И не поверил, что это было сказано его собственным голосом, его губами.
С минуту стояла тишина. Потом раздался смешок. Потом голос от противоположной стены:
— Я хотел сказать, для её роста это преогромная задница, — мечтательно произнес голос. — Не такая, конечно, большая, как задница той бабы, которая у тебя была в каменном доме. Там, в Пенси-ванне. Но тогда, в этой Пенси-ванне, и баба была покрупней, её самой было побольше, и...
Адам Розенцвейг лежал и старался не думать ни о чем в мире.
Проливные дожди, превратившие плац в болото и затопившие пойму реки, утихли. От полей исходил пар. При ярком солнце было видно, как он поднимается. Май был на пороге. Колесо могло катиться, не увязая в грязи.
Куски брезента, служившие крышами хижин, снимались и скатывались в рулоны. Вид у лачуг становился непристойный и жалкий. У некоторых мужчин возникала потребность как-нибудь надругаться, осквернить или оставить другой след своего пребывания в месте, которое служило им пристанищем, а для многих было предметом гордости. То и дело, невзирая на правила санитарии, солдаты облегчались в своих брошенных дома. Порою после этого они сами недоумевали, не понимая, что побудило их так поступить.
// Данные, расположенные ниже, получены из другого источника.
Lemma clear_winnerbP (p : profile n h) (c : nat -> nat -> nat) (x : 'I_n) :
  (forall z y : 'I_n, npref p z y = c z y) -> clear_winnerb c x -> clear_winner p x.
Proof.
move=> pE /allP Cx y yx; move: (Cx y); rewrite mem_iota ltn_ord val_eqE (negbTE yx).
case/(_ isT)/hasP => z; rewrite mem_iota => zn /andP[z_maj /allP z_opp].
exists (Ordinal zn); rewrite pE //; apply/opposition_ltP => w; rewrite pE.
by apply: z_opp; rewrite mem_iota ltn_ord.
Qed.

Lemma realizable_rank_lists (x : 'I_n) :
  clear_winnerb rank_count x -> clear_winnerb (fun z y => rank_count y z) x ->
  realizable n h.
Proof.
move=> Cx Cr; exists rank_profile, x; split; first exact: in_P_rank_profile.
  exact: clear_winnerbP npref_rank_profile Cx.
by apply: clear_winnerbP Cr => z y; rewrite npref_rev npref_rank_profile.
Qed.

End RankLists.

Lemma realizable_4_6 : realizable 4 6.
Proof.
by apply: (@realizable_rank_lists 4 6
  [:: [:: 2;0;1;3]; [:: 0;2;1;3]; [:: 1;0;3;2]; [:: 1;3;2;0]; [:: 3;0;2;1];
      [:: 3;2;1;0]] _ ord0); vm_compute.
Qed.

Lemma realizable_4_9 : realizable 4 9.
Proof.
by apply: (@realizable_rank_lists 4 9
  [:: [:: 1;2;3;0]; [:: 2;3;0;1]; [:: 0;3;1;2]; [:: 1;2;0;3]; [:: 2;0;3;1];
      [:: 0;2;3;1]; [:: 3;0;1;2]; [:: 1;2;0;3]; [:: 3;1;0;2]] _ ord0); vm_compute.
Qed.

Lemma realizable_5_4 : realizable 5 4.
Proof.
by apply: (@realizable_rank_lists 5 4
  [:: [:: 1;3;2;0;4]; [:: 3;0;2;4;1]; [:: 2;4;0;1;3]; [:: 4;1;0;3;2]] _ ord0);
  vm_compute.
Qed.

Lemma realizable_5_7 : realizable 5 7.
Proof.
by apply: (@realizable_rank_lists 5 7
  [:: [:: 3;4;2;1;0]; [:: 1;3;4;0;2]; [:: 0;2;1;3;4]; [:: 1;3;0;4;2];
      [:: 4;2;0;3;1]; [:: 0;4;2;1;3]; [:: 2;1;3;0;4]] _ ord0); vm_compute.
Qed.

Lemma realizable_6_5 : realizable 6 5.
Proof.
by apply: (@realizable_rank_lists 6 5
  [:: [:: 3;0;2;5;4;1]; [:: 4;1;3;0;2;5]; [:: 0;5;4;1;3;2]; [:: 2;5;0;4;1;3];
      [:: 1;3;2;5;4;0]] _ ord0); vm_compute.
Qed.

Lemma realizable_grow n0 h0 n h : 2 <= n0 -> n0 <= n -> h0 <= h ->
  ~~ odd (h - h0) -> realizable n0 h0 -> realizable n h.
Proof.
move=> n0_ge2 n0_le h0_le even R.
have -> : n = n0 + (n - n0) by lia.
have -> : h = h0 + 2 * (h - h0)./2 by lia.
exact/realizable_clones/realizable_add_pairs.
Qed.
Сержанты пересчитывали бумажные патронные гильзы. Капралы проверяли патронташи на ремнях своих подчиненных и коробки с капсюлями. Некоторые мужчины сидели в одиночестве, затачивая штыки. Рацион выдавался сухим пайком и хранился в вещмешках. Солдаты строили предположения, будут они форсировать реку выше по течению или ниже. Если ниже, значит, их ведут в Дебри.
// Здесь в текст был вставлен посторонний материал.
(* Let $p$ be a propositional symbol. The formula $\Diamond p\to\Diamond(p\wedge\Box\neg p)$ is not valid in $\mathsf{BIGL}$: there is a model $\mathcal B\in\mathsf{BIGL}$ and a world $w$ with $\mathcal B,w\not\models\Diamond p\to\Diamond(p\wedge\Box\neg p)$. Consequently $\mathsf{labIGL}\not\vdash x:\Diamond p\to\Diamond(p\wedge\Box\neg p)$.
   Context: $\neg A := A\to\bot$. A birelational model $\mathcal B=(W,\le,R^{\mathcal B},V)$: nonempty $W$, partial order $\le$, $R^{\mathcal B}\subseteq W^2$ with (F1) if $w\le w'$ and $wR^{\mathcal B}v$ then $v\le v'$ and $w'R^{\mathcal B}v'$ for some $v'$; (F2) if $wR^{\mathcal B}v$ and $v\le v'$ then $w\le w'$ and $w'R^{\mathcal B}v'$ for some $w'$; $V:W\to\mathcal P(\mathsf{Pr})$ monotone in $\le$. Satisfaction: $w\models p$ iff $p\in V(w)$; $\bot$ never; $\wedge,\vee$ pointwise; $w\models A\to B$ iff for all $w'\ge w$, $w'\models A$ implies $w'\models B$; $w\models\Box A$ iff for all $w'\ge w$ and $v$ with $w'R^{\mathcal B}v$, $v\models A$; $w\models\Diamond A$ iff some $v$ with $wR^{\mathcal B}v$ satisfies $A$. $\mathsf{BIGL}$: birelational models with $R^{\mathcal B}$ transitive and no infinite chain $x_1\le y_1R^{\mathcal B}x_2\le y_2R^{\mathcal B}\cdots$. $\mathsf{labIGL}$: the class of $\infty$-proofs of $\mathsf{labIK4}$, the single-succedent restriction of the labelled calculus $\mathsf{labK4}$ (Gentzen-style rules on labelled formulas $x:A$ with relational atoms $xRy$, modal rules $\Box$R: $\mathcal R,xRy,\Gamma\Rightarrow y:A$ / $\mathcal R,\Gamma\Rightarrow x:\Box A$ ($y$ fresh), $\Box$L: $\mathcal R,xRy,\Gamma,y:A\Rightarrow C$ / $\mathcal R,xRy,\Gamma,x:\Box A\Rightarrow C$, $\Diamond$L: $\mathcal R,xRy,\Gamma,y:A\Rightarrow C$ / $\mathcal R,\Gamma,x:\Diamond A\Rightarrow C$ ($y$ fresh), $\Diamond$R: $\mathcal R,xRy,\Gamma\Rightarrow y:A$ / $\mathcal R,xRy,\Gamma\Rightarrow x:\Diamond A$, transitivity rule tr, cut, weakening, contraction, thinning, identity on atoms, $\bot$L), where an $\infty$-proof is a possibly infinite derivation tree all of whose infinite branches carry a trace of labels $(x_i)$ with $x_i=x_{i+1}$ or $x_iRx_{i+1}$ in the current relational context, the latter infinitely often. *)

From Stdlib Require Import List Arith Permutation.
Import ListNotations.

Inductive form : Type :=
| Var : nat -> form
| Bot : form
| And : form -> form -> form
| Or  : form -> form -> form
| Imp : form -> form -> form
| Box : form -> form
| Dia : form -> form.

Definition Neg (A : form) : form := Imp A Bot.

Record bmodel : Type := BModel {
  W : Type;
  le : W -> W -> Prop;
  rel : W -> W -> Prop;
  val : W -> nat -> Prop
}.

Definition is_birelational (M : bmodel) : Prop :=
  inhabited (W M) /\
  (forall w, le M w w) /\
  (forall u v w, le M u v -> le M v w -> le M u w) /\
  (forall u v, le M u v -> le M v u -> u = v) /\
  (forall w w' v, le M w w' -> rel M w v ->
     exists v', le M v v' /\ rel M w' v') /\
  (forall w v v', rel M w v -> le M v v' ->
     exists w', le M w w' /\ rel M w' v') /\
  (forall w w' p, le M w w' -> val M w p -> val M w' p).

Definition is_BIGL (M : bmodel) : Prop :=
  is_birelational M /\
  (forall u v w, rel M u v -> rel M v w -> rel M u w) /\
  ~ (exists x y : nat -> W M,
       forall i, le M (x i) (y i) /\ rel M (y i) (x (S i))).

Fixpoint sat (M : bmodel) (w : W M) (A : form) : Prop :=
  match A with
  | Var p => val M w p
  | Bot => False
  | And A B => sat M w A /\ sat M w B
  | Or A B => sat M w A \/ sat M w B
  | Imp A B => forall w', le M w w' -> sat M w' A -> sat M w' B
  | Box A => forall w' v, le M w w' -> rel M w' v -> sat M v A
  | Dia A => exists v, rel M w v /\ sat M v A
  end.

Definition label := nat.
Definition lform : Type := (label * form)%type.
Definition ratom : Type := (label * label)%type.

(* A sequent  R, Gamma => x:C  (contexts as lists; exchange is a rule). *)
Record sequent : Type := Seq {
  srel : list ratom;
  sctx : list lform;
  sgoal : lform
}.

Definition occurs (x : label) (s : sequent) : Prop :=
  (exists r, In r (srel s) /\ (fst r = x \/ snd r = x)) \/
  (exists a, In a (sctx s) /\ fst a = x) \/
  fst (sgoal s) = x.

Inductive rule : list sequent -> sequent -> Prop :=
| r_exch : forall R R' G G' c,
    Permutation R R' -> Permutation G G' ->
    rule [Seq R' G' c] (Seq R G c)
| r_weak : forall R G a c,
    rule [Seq R G c] (Seq R (a :: G) c)
| r_thin : forall R G r c,
    rule [Seq R G c] (Seq (r :: R) G c)
| r_contr : forall R G a c,
    rule [Seq R (a :: a :: G) c] (Seq R (a :: G) c)
| r_contr_rel : forall R G r c,
    rule [Seq (r :: r :: R) G c] (Seq (r :: R) G c)
| r_cut : forall R G a c,
    rule [Seq R G a; Seq R (a :: G) c] (Seq R G c)
| r_tr : forall R G x y z c,
    rule [Seq ((x, z) :: (x, y) :: (y, z) :: R) G c]
         (Seq ((x, y) :: (y, z) :: R) G c)
| r_id : forall R G x p,
    rule [] (Seq R ((x, Var p) :: G) (x, Var p))
| r_botL : forall R G x c,
    rule [] (Seq R ((x, Bot) :: G) c)
| r_andL : forall R G x A B c,
    rule [Seq R ((x, A) :: (x, B) :: G) c] (Seq R ((x, And A B) :: G) c)
| r_andR : forall R G x A B,
    rule [Seq R G (x, A); Seq R G (x, B)] (Seq R G (x, And A B))
| r_orL : forall R G x A B c,
    rule [Seq R ((x, A) :: G) c; Seq R ((x, B) :: G) c]
         (Seq R ((x, Or A B) :: G) c)
| r_orR1 : forall R G x A B,
    rule [Seq R G (x, A)] (Seq R G (x, Or A B))
| r_orR2 : forall R G x A B,
    rule [Seq R G (x, B)] (Seq R G (x, Or A B))
| r_impL : forall R G x A B c,
    rule [Seq R G (x, A); Seq R ((x, B) :: G) c]
         (Seq R ((x, Imp A B) :: G) c)
| r_impR : forall R G x A B,
    rule [Seq R ((x, A) :: G) (x, B)] (Seq R G (x, Imp A B))
| r_boxR : forall R G x y A,
    ~ occurs y (Seq R G (x, Box A)) ->
    rule [Seq ((x, y) :: R) G (y, A)] (Seq R G (x, Box A))
| r_boxL : forall R G x y A c,
    rule [Seq ((x, y) :: R) ((y, A) :: G) c]
         (Seq ((x, y) :: R) ((x, Box A) :: G) c)
| r_diaL : forall R G x y A c,
    ~ occurs y (Seq R ((x, Dia A) :: G) c) ->
    rule [Seq ((x, y) :: R) ((y, A) :: G) c] (Seq R ((x, Dia A) :: G) c)
| r_diaR : forall R G x y A,
    rule [Seq ((x, y) :: R) G (y, A)] (Seq ((x, y) :: R) G (x, Dia A)).

(* Nodes are addressed by positions: lists of child indices, the most
   recent choice at the head ([i :: p] is the i-th child of [p]). *)
Record ptree : Type := PTree {
  node : list nat -> sequent;
  nchildren : list nat -> nat
}.

Fixpoint valid_pos (T : ptree) (p : list nat) : Prop :=
  match p with
  | [] => True
  | i :: q => valid_pos T q /\ i < nchildren T q
  end.

Definition locally_correct (T : ptree) : Prop :=
  forall p, valid_pos T p ->
    rule (map (fun i => node T (i :: p)) (seq 0 (nchildren T p))) (node T p).

Fixpoint branch_pos (b : nat -> nat) (n : nat) : list nat :=
  match n with
  | 0 => []
  | S m => b m :: branch_pos b m
  end.

Definition is_branch (T : ptree) (b : nat -> nat) : Prop :=
  forall n, b n < nchildren T (branch_pos b n).

Definition has_trace (T : ptree) (b : nat -> nat) : Prop :=
  let s := fun n => node T (branch_pos b n) in
  exists (k : nat) (x : nat -> label),
    (forall n, k <= n -> occurs (x n) (s n)) /\
    (forall n, k <= n ->
        x (S n) = x n \/ In (x n, x (S n)) (srel (s (S n)))) /\
    (forall m, exists n, m <= n /\ k <= n /\
        In (x n, x (S n)) (srel (s (S n)))).

Definition inf_proof (T : ptree) : Prop :=
  locally_correct T /\ forall b, is_branch T b -> has_trace T b.

Definition labIGL_provable (s : sequent) : Prop :=
  exists T, inf_proof T /\ node T [] = s.

Definition phi16 (p : nat) : form :=
  Imp (Dia (Var p)) (Dia (And (Var p) (Box (Neg (Var p))))).

From Stdlib Require Import List Arith Permutation Classical ClassicalEpsilon Lia.
Import ListNotations.

(* The countermodel has five worlds: a root w with successor v,
   their ≤-upgrades w+ and v+, and a top world u with w+ R v+ R u and w+ R u;
   every atom holds exactly at v, v+ and u.  At w, <>p holds via v, but v is
   the only R-successor of w and v ≤ v+ R u with u |= p, so v |/= []~p.
   BIGL-ness follows from a depth function that drops along R and does not
   grow along ≤ (no x1 ≤ y1 R x2 ≤ ... can then be infinite).

   For the calculus we prove a "semantic branch" soundness: in a model with
   such a depth, transitive R, and in which any assignment of labels to
   worlds can be lifted along ≤ at one label, every rule instance whose
   conclusion is refuted by an assignment has a premise refuted by another
   assignment that does not raise the depth of any label of the conclusion.
   Iterating this from a refuted root gives an infinite branch of refuted
   sequents; the trace demanded of an oo-proof would then be a sequence of
   depths that never increases and decreases infinitely often, which is
   impossible.  The sequent  => x:phi  is refuted by sending every label to w. *)

Lemma no_infinite_descent (g : nat -> nat) (k : nat) :
  (forall n, k <= n -> g (S n) <= g n) ->
  (forall m, exists n, m <= n /\ k <= n /\ g (S n) < g n) -> False.
Proof.
  intros Hle Hlt.
  assert (Hmono : forall m n, k <= m -> m <= n -> g n <= g m).
  { intros m n Hm Hmn; induction Hmn as [|n Hmn IH]; [lia|].
    pose proof (Hle n ltac:(lia)); lia. }
  assert (Hbound : forall N m, k <= m -> g m <= N -> False).
  { induction N as [|N IH]; intros m Hm HN;
      destruct (Hlt m) as [n [Hmn [Hkn Hn]]]; pose proof (Hmono m n Hm Hmn).
    - lia.
    - apply (IH (S n)); lia. }
  exact (Hbound (g k) k (le_n k) (le_n _)).
Qed.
Всем маркитантам было велено покинуть лагерь. Они собирались уезжать завтра утром. Первого мая. Некоторые уже приготовились к отъезду, их повозки окружали лагерь грузным, угрожающим кольцом. Большой фургон Джедина Хоксворта и второй, поменьше, стояли груженые у опушки леса. Лошади были привязаны неподалеку.
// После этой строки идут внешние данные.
Let sqsum_coset_gt u t e : 0 < e ->
  exists M, d - e < sqsum M (fun n => a n + t * l u n).
Proof.
move=> e0; have e2 : 0 < e / 2 by rewrite divr_gt0.
have [k dk] := exists_div_natS_lt _ _ (addr_ge0 d_ge0 (ler0n R 8)) e2.
pose m := u_ k + t *: u.
have [M mM] := F_lt_sqsum m _ e2.
exists M; rewrite ltNge; apply/negP => X.
have := sqsum_addr_le M (fun n => a n + t * l u n) (fun n => c_ k n - a n) _ (h_gt0 k).
have -> : sqsum M (fun n => a n + t * l u n + (c_ k n - a n)) = sqsum M (c m).
  by apply: eq_sqsum => n; rewrite /c_ /c /m lD lZ; ring.
have -> : sqsum M (fun n => c_ k n - a n) = sqsum M (fun n => a n - c_ k n).
  by rewrite -sqsumN; apply: eq_sqsum => n; rewrite opprB.
have := scaled_sqsum_sub_a M k; have := d_le_F m.
move: (h_gt0 k) (h_le1 k) dk; rewrite -/(h k); set s := h k => s_gt0 s_le1 dk.
have sX := ler_wpM2l (addr_ge0 ler01 (ltW s_gt0)) X.
have s2 : s ^+ 2 <= s by rewrite expr2 ger_pMl.
have := mulr_ge0 (ltW s_gt0) (ltW e0).
nra.
Qed.

Lemma exists_minimal_in_coset :
  exists a' d', delta <= d' /\ minimal_in_coset l a' d'.
Proof.
exists a, d; do 2?split; first exact: delta_le_d.
  exact: sqsum_a_le.
exact: sqsum_coset_gt.
Qed.

End minimal_in_coset.

Section bessel_sequences.
Context {R : realType} {V : lmodType R[i]}.
Local Notation Re := complex.Re.
Variable ip : V -> V -> R[i].
Hypothesis hip : inner_product ip.

Definition bessel (x : nat -> V) (B : R) :=
  forall u N, sqsum N (fun n => ip u (x n)) <= B * Re (ip u u).

Lemma synthesis_cst0 (x : nat -> V) : synthesis ip x (fun=> 0) 0.
Proof.
move=> e e0; exists 0%N => n _.
rewrite big1 => [|i _]; last by rewrite scale0r.
by rewrite subrr /hnorm (ip0l hip) sqrtr0.
Qed.

Context {x : nat -> V} {B : R} {a : nat -> R[i]} {d : R}.
Hypotheses (B_gt0 : 0 < B) (x_bessel : bessel x B).
Hypothesis a_min : minimal_in_coset (fun u n => ip u (x n)) a d.

Let S N := \sum_(i < N) a i *: x i.

Let Re_ip_S N : Re (ip (S N) (S N)) =
  \sum_(0 <= n < N) Re (a n * (ip (S N) (x n))^*%C).
Proof.
rewrite {1}/S (ip_suml hip) Re_sum big_mkord.
by apply: eq_bigr => i _; rewrite -(ipJ hip).
Qed.

Let tail_le N M v : (N <= M)%N ->
  - \sum_(N <= n < M) Re (a n * (ip v (x n))^*%C) <=
  (B * (d - sqsum N a) + Re (ip v v)) / 2.
Proof.
move=> NM; rewrite -sumrN.
apply: (@le_trans _ _ (\sum_(N <= n < M)
    (B * cabs2 (a n) + B^-1 * cabs2 (ip v (x n))) / 2)).
  apply: ler_sum => n _; have := Re_mulJ_le (- a n) (ip v (x n)) _ B_gt0.
  by rewrite cabs2N mulNr ReN; lra.
rewrite -mulr_suml big_split /= -!mulr_sumr ler_pM2r ?invr_gt0 //.
have tail_a : \sum_(N <= n < M) cabs2 (a n) <= d - sqsum N a.
  by have := sqsum_split _ _ a NM; have := a_min.1 M; lra.
have tail_x : \sum_(N <= n < M) cabs2 (ip v (x n)) <= B * Re (ip v v).
  have := sqsum_split _ _ (fun n => ip v (x n)) NM.
  by have := sqsum_ge0 N (fun n => ip v (x n)); have := x_bessel v M; lra.
apply: lerD; first by rewrite ler_pM2l.
by rewrite -[leRHS]mul1r -(mulVf (lt0r_neq0 B_gt0)) -mulrA ler_pM2l ?invr_gt0.
Qed.

(* Compare a with a - s T^*(S N), where T^*(S N) = (<S N, x_n>)_n: the first N terms
   of their inner product add up to <S N, S N>, the rest is bounded by the tail of a. *)
Let partial_synthesis_le N s : 0 < s ->
  Re (ip (S N) (S N)) <= B * (d - sqsum N a) + s * B * Re (ip (S N) (S N)).
Proof.
move=> s_gt0; set rho := Re (ip (S N) (S N)); set phi := fun n => ip (S N) (x n).
suff : s * rho <= s * (B * (d - sqsum N a) + s * B * rho) by rewrite ler_pM2l.
apply/ler_addgt0Pr => e e0.
have [M aM] := a_min.2 (S N) (- s%:C%C) e e0.
have NM := leq_maxr M N.
have := le_sqsum _ _ (fun n => a n + - s%:C%C * phi n) (leq_maxl M N).
have -> : sqsum (maxn M N) (fun n => a n + - s%:C%C * phi n) =
          sqsum (maxn M N) (fun n => a n - s%:C%C * phi n).
  by apply: eq_sqsum => n; rewrite mulNr.
rewrite sqsum_subZ (big_cat_nat (leq0n N) NM) /= -Re_ip_S -/rho.
have := tail_le _ _ (S N) NM; rewrite -/phi -/rho.
have := a_min.1 (maxn M N).
have := x_bessel (S N) (maxn M N); rewrite -/phi -/rho.
move=> phiB aM' tail Ma.
have := ler_wpM2l (ltW (exprn_gt0 2 s_gt0)) phiB.
have := ler_wpM2l (ltW s_gt0) tail.
nra.
Qed.

Lemma partial_synthesis_bound N :
  Re (ip (S N) (S N)) <= B * (d - sqsum N a).
Proof.
apply: (le_of_le_add_div_natS _ _ _ (ipxx_Re_ge0 hip (S N))) => k.
have s_gt0 : 0 < (B * k.+1%:R)^-1 by rewrite invr_gt0 mulr_gt0 ?ltr0n.
apply: le_trans (partial_synthesis_le N _ s_gt0) _.
by rewrite lerD2l invfM [_ / _ * B]mulrAC mulVf ?lt0r_neq0 // mul1r mulrC.
Qed.

Lemma synthesis_minimal_in_coset : synthesis ip x a 0.
Proof.
move=> e e0; have eB : 0 < e ^+ 2 / B by rewrite divr_gt0 ?exprn_gt0.
have [M] := a_min.2 0 0 _ eB.
rewrite (@eq_sqsum _ M _ a) => [aM|n]; last by rewrite mul0r addr0.
exists M => N MN; rewrite subr0.
have SN := partial_synthesis_bound N; rewrite -(hnorm_sqr hip) in SN.
have : B * (d - sqsum N a) < e ^+ 2.
  rewrite -ltr_pdivlMl // mulrC; have := le_sqsum _ _ a MN; lra.
move=> /(le_lt_trans SN); rewrite ltr_pXn2r ?nnegrE ?(ltW e0) //.
exact: sqrtr_ge0.
Qed.

Lemma Kminimal_minimal_in_coset : Kminimal ip x -> d <= 0.
Proof.
move=> x_min; have a0 : a = fun=> 0.
  apply: x_min (synthesis_minimal_in_coset) (synthesis_cst0 x).
    exact: in_l2_of_sqsum_le a_min.1.
  by apply: (in_l2_of_sqsum_le _ 0) => N; rewrite sqsum_cst0.
apply/ler_addgt0Pr => e e0; have [M] := a_min.2 0 0 e e0.
rewrite a0 (@eq_sqsum _ M _ (fun=> 0)) => [|n]; last by rewrite mul0r addr0.
by rewrite sqsum_cst0; lra.
Qed.

End bessel_sequences.

Lemma bounded_op0 {R : realType} {V : lmodType R[i]} (ip : V -> V -> R[i]) K :
  bounded_op ip K -> K 0 = 0.
Proof.
case=> linK _; have /eqP := linK 1 0 0.
by rewrite scaler0 addr0 scale1r -subr_eq0 opprD addrA subrr sub0r oppr_eq0 => /eqP.
Qed.

Section direct_sum.
Context {R : realType} {V1 V2 : lmodType R[i]}.
Local Notation Re := complex.Re.
Context {ip1 : V1 -> V1 -> R[i]} {ip2 : V2 -> V2 -> R[i]}.
Context {K : V1 -> V1} {L : V2 -> V2} {x : nat -> V1} {y : nat -> V2}.

Lemma Kframe_sum_swap :
  Kframe (ip_sum ip1 ip2) (op_sum K L) (fun n => (x n, y n)) ->
  Kframe (ip_sum ip2 ip1) (op_sum L K) (fun n => (y n, x n)).
Proof.
move=> [Ks [Ks_adj [A [B [A_gt0 [B_gt0 frame]]]]]].
pose swap (p : V2 * V1) : V1 * V2 := (p.2, p.1).
exists (fun p => ((Ks (swap p)).2, (Ks (swap p)).1)); split.
  move=> u v; have := Ks_adj (swap u) (swap v).
  by rewrite /ip_sum /= => adj_uv; rewrite addrC adj_uv addrC.
exists A, B; do 2!split => //; move=> v.
have hnorm_swap q : hnorm (ip_sum ip2 ip1) q = hnorm (ip_sum ip1 ip2) (swap q).
  by rewrite /hnorm /ip_sum addrC.
rewrite !hnorm_swap (eq_eseriesr (g := fun n =>
  (cabs2 (ip_sum ip1 ip2 (swap v) (x n, y n)))%:E)); first exact: frame.
by move=> n _; rewrite /ip_sum addrC.
Qed.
Моис Толбат и Адам попытались в последний раз провести урок чтения, сидя на крыльце хижины. Но Адам сказал:
— Прости, Моис. Не могу сосредоточиться. Не понимаю, что со мной творится.
Он встал и направился вглубь лагеря. И в следующую минуту обнаружил, что Моис шагает рядом. Тоже пройдусь, сказал тот.
Спустилась темнота, когда бесцельно и молчаливо переходя с одной улицы на другую, они добрели до госпитальной палатки. У дальней стенки горел яркий свет. У входа теснились люди, заглядывая внутрь.
— Патрульные, — сказал один. — Напоролись у брода на южан.
— Они из другого полка, — сказал другой. — Не дотянули до своих.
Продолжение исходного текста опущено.